YOUR TASK: Beginning with the very first line, please reproduce the entries exactly through the line containing "Lemma jacobi_rotation p".

SUPPLIED RECORDS:
Lemma orthonormal_completion v : dot v v = 1 ->
  exists P, Orth3 P /\ forall j, P i0 j = v j.
Proof.
  intros Hv. destruct (exists_unit_orthogonal v) as [w [Hw Hvw]].
  exists (rows3 v w (cross v w)). split; [|reflexivity].
  apply mmul_eq_mid_comm.
  unfold dot, sum3 in *. apply mat_ext; intros [] [];
    unfold mmul, mtr, rows3, mid, sum3, cross; simpl; nsatz.
Qed.

(* [(c, s)] is the normalized eigenvector [(q, m - p)] of [[p, q], [q, r]] for
   its larger eigenvalue [m]. *)
Lemma jacobi_rotation p q r :
  exists c s, c * c + s * s = 1 /\ - c * s * p + (c * c - s * s) * q + c * s * r = 0.
Proof.
  destruct (Req_dec q 0) as [Hq | Hq].
  { exists 1, 0. split; [ring|]. rewrite Hq; ring. }
  set (D := sqrt (((p - r) / 2) * ((p - r) / 2) + q * q)).
  assert (HD : D * D = ((p - r) / 2) * ((p - r) / 2) + q * q).
  { apply sqrt_sqrt. pose proof (Rle_0_sqr ((p - r) / 2)); pose proof (Rle_0_sqr q).
    unfold Rsqr in *; lra. }
  set (m := (p + r) / 2 + D).
  assert (Hm : (m - p) * (m - r) = q * q) by (unfold m; nra).
  assert (Hn0 : 0 < q * q + (m - p) * (m - p)).
  { pose proof (Rsqr_pos_lt _ Hq); pose proof (Rle_0_sqr (m - p)). unfold Rsqr in *; lra. }
  set (n := sqrt (q * q + (m - p) * (m - p))).
  assert (Hn : n * n = q * q + (m - p) * (m - p)) by (apply sqrt_sqrt; lra).
  assert (Hnpos : 0 < n) by (apply sqrt_lt_R0; lra).
  exists (q / n), ((m - p) / n). split.
  - transitivity ((q * q + (m - p) * (m - p)) / (n * n)); [field; lra|].
    rewrite <- Hn. field. lra.
  - transitivity ((q * (q * q - (m - p) * (m - r))) / (n * n)); [field; lra|].
    rewrite Hm. field. lra.
Qed.

Definition rot12 (c s : R) : Mat3 := fun i j =>
  match i, j with
  | i0, i0 => 1 | i1, i1 => c | i1, i2 => s | i2, i1 => - s | i2, i2 => c | _, _ => 0
  end.

Lemma rot12_Orth3 c s : c * c + s * s = 1 -> Orth3 (rot12 c s).
Proof.
  intros H. unfold Orth3. apply mat_ext; intros [] [];
    unfold rot12, mmul, mtr, mid, sum3; simpl; nsatz.
Qed.

Lemma Sym3_block_diagonalize B : Sym3 B -> B i1 i0 = 0 -> B i2 i0 = 0 ->
  exists Q d, Orth3 Q /\ mmul Q (mmul B (mtr Q)) = diag3 d.
Proof.
  intros HB H10 H20.
  destruct (jacobi_rotation (B i1 i1) (B i1 i2) (B i2 i2)) as [c [s [Hcs Hr]]].
  exists (rot12 c s), (fun i => mmul (rot12 c s) (mmul B (mtr (rot12 c s))) i i).
  split; [now apply rot12_Orth3|].
  assert (H01 : B i0 i1 = 0) by (rewrite HB; exact H10).
  assert (H02 : B i0 i2 = 0) by (rewrite HB; exact H20).
  assert (H21 : B i2 i1 = B i1 i2) by apply HB.
  apply mat_ext; intros [] []; unfold diag3; simpl; try reflexivity;
    unfold rot12, mmul, mtr, sum3; simpl; rewrite ?H01, ?H02, ?H10, ?H20, ?H21; try ring;
    (etransitivity; [|exact Hr]; ring).
Qed.

Lemma eigenvector_deflation A P v lam : Orth3 P -> (forall j, P i0 j = v j) ->
  (forall i, mv A v i = lam * v i) ->
  forall j, mmul P (mmul A (mtr P)) j i0 = lam * mid j i0.
Proof.
  intros HP HPv Hv j. rewrite <- (Orth3_mmul_mtr P HP).
  unfold mv, sum3 in Hv.
  pose proof (Hv i0); pose proof (Hv i1); pose proof (Hv i2).
  rewrite <- !HPv in *.
  destruct j; unfold mv, mmul, mtr, sum3 in *; simpl in *; nsatz.
Qed.

Lemma mtr_conj_cancel Q A : Orth3 Q -> mmul (mtr Q) (mmul (mmul Q (mmul A (mtr Q))) Q) = A.
Proof.
  intros HQ. rewrite !mmul_assoc, HQ, mmul_1_l, <- mmul_assoc, HQ. apply mmul_1_r.
Qed.

Lemma Sym3_spectral A : Sym3 A ->
  exists Q d, Orth3 Q /\ A = mmul (mtr Q) (mmul (diag3 d) Q).
Proof.
  intros HA.
  destruct (exists_unit_eigenvector A) as [lam [v [Hv Hav]]].
  destruct (orthonormal_completion v Hv) as [P [HP HPv]].
  set (B := mmul P (mmul A (mtr P))).
  assert (HB0 := eigenvector_deflation A P v lam HP HPv Hav).
  destruct (Sym3_block_diagonalize B (Sym3_conj P A HA)) as [R [d [HR HRB]]].
  { rewrite HB0; unfold mid; simpl; ring. }
  { rewrite HB0; unfold mid; simpl; ring. }
  exists (mmul R P), d. split; [now apply Orth3_mmul|].
  rewrite <- HRB, mtr_mmul.
  transitivity (mmul (mtr P) (mmul (mmul (mtr R) (mmul (mmul R (mmul B (mtr R))) R)) P)).
  - rewrite mtr_conj_cancel by exact HR. unfold B. now rewrite mtr_conj_cancel.
  - now rewrite !mmul_assoc.
Qed.

Lemma Orth3_row_nonzero Q i : Orth3 Q -> nonzero (Q i).
Proof.
  intros HQ. apply (nonzero_cases _ (Q i)); [tauto|]. intros H0 H1 H2.
  assert (Hii : mmul Q (mtr Q) i i = 1) by (rewrite Orth3_mmul_mtr by exact HQ; now destruct i).
  unfold mmul, mtr, sum3 in Hii. rewrite H0, H1, H2 in Hii. lra.
Qed.

Lemma PSym3_spectral U : PSym3 U ->
  exists Q d, Orth3 Q /\ (forall i, 0 < d i) /\ U = mmul (mtr Q) (mmul (diag3 d) Q).
Proof.
  intros [HS Hpos]. destruct (Sym3_spectral U HS) as [Q [d [HQ HU]]].
  exists Q, d. split; [exact HQ|]. split; [|exact HU].
  intro i.
  assert (HD : mmul Q (mmul U (mtr Q)) = diag3 d).
  { rewrite HU, !mmul_assoc, Orth3_mmul_mtr, mmul_1_l, <- !mmul_assoc, Orth3_mmul_mtr by exact HQ.
    apply mmul_1_r. }
  replace (d i) with (mmul Q (mmul U (mtr Q)) i i) by (rewrite HD; now destruct i).
  specialize (Hpos (Q i) (Orth3_row_nonzero Q i HQ)).
  unfold mmul, mtr, sum3 in *. lra.
Qed.

Lemma PSym3_diag d : (forall i, 0 < d i) -> PSym3 (diag3 d).
Proof.
  intros Hd. split; [intros [] []; reflexivity|].
  intros x [i Hi]. unfold sum3, diag3; simpl.
  pose proof (Hd i0); pose proof (Hd i1); pose proof (Hd i2).
  assert (0 <= x i0 * x i0) by nra. assert (0 <= x i1 * x i1) by nra.
  assert (0 <= x i2 * x i2) by nra. pose proof (Rsqr_pos_lt _ Hi). unfold Rsqr in *.
  destruct i; nra.
Qed.

Lemma logm_spec U : PSym3 U -> is_logm U (logm U).
Proof.
  intros HU. unfold logm. apply epsilon_spec.
  destruct (PSym3_spectral U HU) as [Q [d [HQ [Hd E]]]].
  exists (mmul (mtr Q) (mmul (diag3 (fun i => ln (d i))) Q)), Q, d. auto.
Qed.

(** * Isotropic additive functions *)

Definition dg (a b c : R) : Mat3 :=
  diag3 (fun i => match i with i0 => a | i1 => b | i2 => c end).

Lemma PSym3_dg a b c : 0 < a -> 0 < b -> 0 < c -> PSym3 (dg a b c).
Proof. intros; apply PSym3_diag; intros []; assumption. Qed.

Lemma dg_mmul a b c a' b' c' : mmul (dg a b c) (dg a' b' c') = dg (a * a') (b * b') (c * c').
Proof. unfold dg; mat_ring. Qed.

Definition refl0 : Mat3 := dg (-1) 1 1.
Definition refl1 : Mat3 := dg 1 (-1) 1.
Definition swap01 : Mat3 := fun i j =>
  match i, j with i0, i1 | i1, i0 | i2, i2 => 1 | _, _ => 0 end.
Definition swap12 : Mat3 := fun i j =>
  match i, j with i0, i0 | i1, i2 | i2, i1 => 1 | _, _ => 0 end.

Lemma refl0_Orth3 : Orth3 refl0. Proof. unfold Orth3, refl0, dg; mat_ring. Qed.
Lemma refl1_Orth3 : Orth3 refl1. Proof. unfold Orth3, refl1, dg; mat_ring. Qed.
Lemma swap01_Orth3 : Orth3 swap01. Proof. unfold Orth3, swap01; mat_ring. Qed.
Lemma swap12_Orth3 : Orth3 swap12. Proof. unfold Orth3, swap12; mat_ring. Qed.

Lemma refl0_conj_dg a b c : mmul (mtr refl0) (mmul (dg a b c) refl0) = dg a b c.
Proof. unfold refl0, dg; mat_ring. Qed.
Lemma refl1_conj_dg a b c : mmul (mtr refl1) (mmul (dg a b c) refl1) = dg a b c.
Proof. unfold refl1, dg; mat_ring. Qed.
Lemma swap01_conj_dg a b c : mmul (mtr swap01) (mmul (dg a b c) swap01) = dg b a c.
Proof. unfold swap01, dg; mat_ring. Qed.
Lemma swap12_conj_dg a b c : mmul (mtr swap12) (mmul (dg a b c) swap12) = dg a c b.
Proof. unfold swap12, dg; mat_ring. Qed.

Definition iso_lin (al be : R) (L : Mat3) : Mat3 := madd (mscal al L) (mscal (be * trace L) mid).

Lemma iso_lin_conj al be Q L : Orth3 Q ->
  mmul (mtr Q) (mmul (iso_lin al be L) Q) = iso_lin al be (mmul (mtr Q) (mmul L Q)).
Proof.
  intros HQ. unfold iso_lin. rewrite trace_conj by exact HQ.
  transitivity (madd (mscal al (mmul (mtr Q) (mmul L Q))) (mscal (be * trace L) (mmul (mtr Q) Q)));
    [mat_ring|].
  now rewrite HQ.
Qed.

Section Isotropic.
Variable T : Mat3 -> Mat3.
Hypothesis T_cont : cont_on_PSym T.
Hypothesis T_iso : forall Q U, Orth3 Q -> PSym3 U ->
  T (mmul (mtr Q) (mmul U Q)) = mmul (mtr Q) (mmul (T U) Q).
Hypothesis T_add : forall U1 U2, PSym3 U1 -> PSym3 U2 -> mmul U1 U2 = mmul U2 U1 ->
  T (mmul U1 U2) = madd (T U1) (T U2).

Lemma T_dg_diagonal a b c : 0 < a -> 0 < b -> 0 < c ->
  T (dg a b c) = dg (T (dg a b c) i0 i0) (T (dg a b c) i1 i1) (T (dg a b c) i2 i2).
Proof.
  intros Ha Hb Hc.
  pose proof (T_iso refl0 _ refl0_Orth3 (PSym3_dg a b c Ha Hb Hc)) as E0.
  pose proof (T_iso refl1 _ refl1_Orth3 (PSym3_dg a b c Ha Hb Hc)) as E1.
  rewrite refl0_conj_dg in E0. rewrite refl1_conj_dg in E1.
  set (M := T (dg a b c)) in *. clearbody M.
  apply mat_ext; intros i j.
  pose proof (f_equal (fun X => X i j) E0) as F0.
  pose proof (f_equal (fun X => X i j) E1) as F1.
  unfold refl0, refl1, dg, mmul, mtr, diag3, sum3 in *.
  destruct i, j; simpl in *; lra.
Qed.

Lemma T_dg_swap01 a b c : 0 < a -> 0 < b -> 0 < c ->
  T (dg b a c) = mmul (mtr swap01) (mmul (T (dg a b c)) swap01).
Proof.
  intros. rewrite <- swap01_conj_dg. apply T_iso; [apply swap01_Orth3 | now apply PSym3_dg].
Qed.

Lemma T_dg_swap12 a b c : 0 < a -> 0 < b -> 0 < c ->
  T (dg a c b) = mmul (mtr swap12) (mmul (T (dg a b c)) swap12).
Proof.
  intros. rewrite <- swap12_conj_dg. apply T_iso; [apply swap12_Orth3 | now apply PSym3_dg].
Qed.

Lemma T_dg_split a b c : 0 < a -> 0 < b -> 0 < c ->
  T (dg a b c) = madd (T (dg a 1 1)) (madd (T (dg 1 b 1)) (T (dg 1 1 c))).
Proof.
  intros Ha Hb Hc.
  replace (dg a b c) with (mmul (dg a 1 1) (mmul (dg 1 b 1) (dg 1 1 c)))
    by (rewrite !dg_mmul; f_equal; ring).
  rewrite T_add, T_add; try (apply PSym3_dg; lra); rewrite ?dg_mmul.
  - reflexivity.
  - f_equal; ring.
  - apply PSym3_dg; lra.
  - f_equal; ring.
Qed.

Definition T_stretch (i j : I3) (t : R) : R := T (dg (exp t) 1 1) i j.

Lemma T_stretch_additive i j s t : T_stretch i j (s + t) = T_stretch i j s + T_stretch i j t.
Proof.
  unfold T_stretch. rewrite exp_plus.
  replace (dg (exp s * exp t) 1 1) with (mmul (dg (exp s) 1 1) (dg (exp t) 1 1))
    by (rewrite dg_mmul; f_equal; ring).
  rewrite T_add; try (apply PSym3_dg; try apply exp_pos; lra); [reflexivity|].
  rewrite !dg_mmul; f_equal; ring.
Qed.

Lemma T_stretch_continuous i j x eps : 0 < eps ->
  exists d, 0 < d /\ forall y, Rabs (y - x) < d -> Rabs (T_stretch i j y - T_stretch i j x) < eps.
Proof.
  intros Heps.
  destruct (T_cont (dg (exp x) 1 1) (PSym3_dg _ _ _ (exp_pos x) Rlt_0_1 Rlt_0_1) eps Heps)
    as [d [Hd HTd]].
  assert (Hexp : continuity_pt exp x) by apply derivable_continuous_pt, derivable_pt_exp.
  destruct (Hexp d Hd) as [d' [Hd' Hexpd]].
  exists d'. split; [exact Hd'|]. intros y Hy.
  eapply Rle_lt_trans; [apply entry_le_mdist|]. apply HTd.
  - apply PSym3_dg; [apply exp_pos | lra | lra].
  - unfold mdist, sum3, dg, diag3; simpl.
    rewrite !Rminus_diag, !Rabs_R0.
    enough (Rabs (exp y - exp x) < d) by lra.
    destruct (Req_dec y x) as [-> | Hyx]; [rewrite Rminus_diag, Rabs_R0; exact Hd|].
    apply (Hexpd y). split; [split; [exact I | auto] | exact Hy].
Qed.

ANSWER FOR THE TASK:
Lemma orthonormal_completion v : dot v v = 1 ->
  exists P, Orth3 P /\ forall j, P i0 j = v j.
Proof.
  intros Hv. destruct (exists_unit_orthogonal v) as [w [Hw Hvw]].
  exists (rows3 v w (cross v w)). split; [|reflexivity].
  apply mmul_eq_mid_comm.
  unfold dot, sum3 in *. apply mat_ext; intros [] [];
    unfold mmul, mtr, rows3, mid, sum3, cross; simpl; nsatz.
Qed.

(* [(c, s)] is the normalized eigenvector [(q, m - p)] of [[p, q], [q, r]] for
   its larger eigenvalue [m]. *)
Lemma jacobi_rotation p q r :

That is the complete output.